[[ Entries shown, beginning ]]
(* Let $n\ge 2$ and let $i,j$ be integers with $1\le i\le n-1$ and $0\le j\le n-1$. For every graph $G^*$ on $n$ vertices with at most one loop per vertex, with adjacency eigenvalues $\lambda_1\ge\lambda_2\ge\cdots\ge\lambda_n$, \[\lambda_{i+1}(G^* )-\lambda_{n-j}(G^* )\le \frac{n}{2}\sqrt{\frac{i+j+1}{i(j+1)}}.\] Consequently, $s_{i,j}\le \frac12\sqrt{\frac{i+j+1}{i(j+1)}}$.
   Context: A graph with at most one loop per vertex on vertex set $\{1,\dots,n\}$ is identified with its adjacency matrix $A=(a_{uv})$, a symmetric $n\times n$ $(0,1)$-matrix where $a_{uv}=1$ iff $uv$ is an edge and $a_{uu}=1$ iff there is a loop at $u$. Its eigenvalues (of $A$) are listed as $\lambda_1\ge\cdots\ge\lambda_n$. For a simple graph $G$ on $n$ vertices, ${\rm spread}_{i,j}(G)=\lambda_{i+1}(G)-\lambda_{n-j}(G)$; ${\rm spread}_{i,j}(n)$ is the maximum of ${\rm spread}_{i,j}(G)$ over all simple graphs $G$ on $n$ vertices, and $s_{i,j}=\lim_{n\to\infty}{\rm spread}_{i,j}(n)/n$ (this limit is known to exist). *)

From HB Require Import structures.
From mathcomp Require Import all_boot all_order all_algebra.
From mathcomp Require Import all_classical all_reals all_analysis.
Set Implicit Arguments. Unset Strict Implicit. Unset Printing Implicit Defensive.
Import Order.TTheory GRing.Theory Num.Theory.
Import numFieldNormedType.Exports.
Local Open Scope ring_scope.

(* A graph on vertex set 'I_n (= {1,...,n} shifted to {0,...,n-1}) with at
   most one loop per vertex is given by a symmetric boolean adjacency matrix
   e (e u u = true iff there is a loop at u). *)
Definition loop_graph n (e : 'M[bool]_n) : bool := e^T == e.

Definition simple_graph n (e : 'M[bool]_n) : bool :=
  (e^T == e) && [forall u, ~~ e u u].

Definition adj (R : nzRingType) n (e : 'M[bool]_n) : 'M[R]_n :=
  map_mx (fun b : bool => (b%:R : R)) e.

Definition is_eigseq (R : realType) n (A : 'M[R]_n) (s : seq R) : Prop :=
  sorted (fun x y : R => y <= x) s /\
  char_poly A = \prod_(x <- s) ('X - x%:P).

(* The (chosen) nonincreasing list of eigenvalues of A; [::] if A has
   non-real eigenvalues (never the case for symmetric A). The list is unique
   when it exists, so the choice is irrelevant. *)
Definition eigs (R : realType) n (A : 'M[R]_n) : seq R :=
  match pselect (exists s, is_eigseq A s) with
  | left h => projT1 (cid h)
  | right _ => [::]
  end.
[[ Entries shown, end ]]
Everything from the line containing "Context: A graph" to the last line of the entries above should be quoted exactly, and only that.

   Context: A graph with at most one loop per vertex on vertex set $\{1,\dots,n\}$ is identified with its adjacency matrix $A=(a_{uv})$, a symmetric $n\times n$ $(0,1)$-matrix where $a_{uv}=1$ iff $uv$ is an edge and $a_{uu}=1$ iff there is a loop at $u$. Its eigenvalues (of $A$) are listed as $\lambda_1\ge\cdots\ge\lambda_n$. For a simple graph $G$ on $n$ vertices, ${\rm spread}_{i,j}(G)=\lambda_{i+1}(G)-\lambda_{n-j}(G)$; ${\rm spread}_{i,j}(n)$ is the maximum of ${\rm spread}_{i,j}(G)$ over all simple graphs $G$ on $n$ vertices, and $s_{i,j}=\lim_{n\to\infty}{\rm spread}_{i,j}(n)/n$ (this limit is known to exist). *)

From HB Require Import structures.
From mathcomp Require Import all_boot all_order all_algebra.
From mathcomp Require Import all_classical all_reals all_analysis.
Set Implicit Arguments. Unset Strict Implicit. Unset Printing Implicit Defensive.
Import Order.TTheory GRing.Theory Num.Theory.
Import numFieldNormedType.Exports.
Local Open Scope ring_scope.

(* A graph on vertex set 'I_n (= {1,...,n} shifted to {0,...,n-1}) with at
   most one loop per vertex is given by a symmetric boolean adjacency matrix
   e (e u u = true iff there is a loop at u). *)
Definition loop_graph n (e : 'M[bool]_n) : bool := e^T == e.

Definition simple_graph n (e : 'M[bool]_n) : bool :=
  (e^T == e) && [forall u, ~~ e u u].

Definition adj (R : nzRingType) n (e : 'M[bool]_n) : 'M[R]_n :=
  map_mx (fun b : bool => (b%:R : R)) e.

Definition is_eigseq (R : realType) n (A : 'M[R]_n) (s : seq R) : Prop :=
  sorted (fun x y : R => y <= x) s /\
  char_poly A = \prod_(x <- s) ('X - x%:P).

(* The (chosen) nonincreasing list of eigenvalues of A; [::] if A has
   non-real eigenvalues (never the case for symmetric A). The list is unique
   when it exists, so the choice is irrelevant. *)
Definition eigs (R : realType) n (A : 'M[R]_n) : seq R :=
  match pselect (exists s, is_eigseq A s) with
  | left h => projT1 (cid h)
  | right _ => [::]
  end.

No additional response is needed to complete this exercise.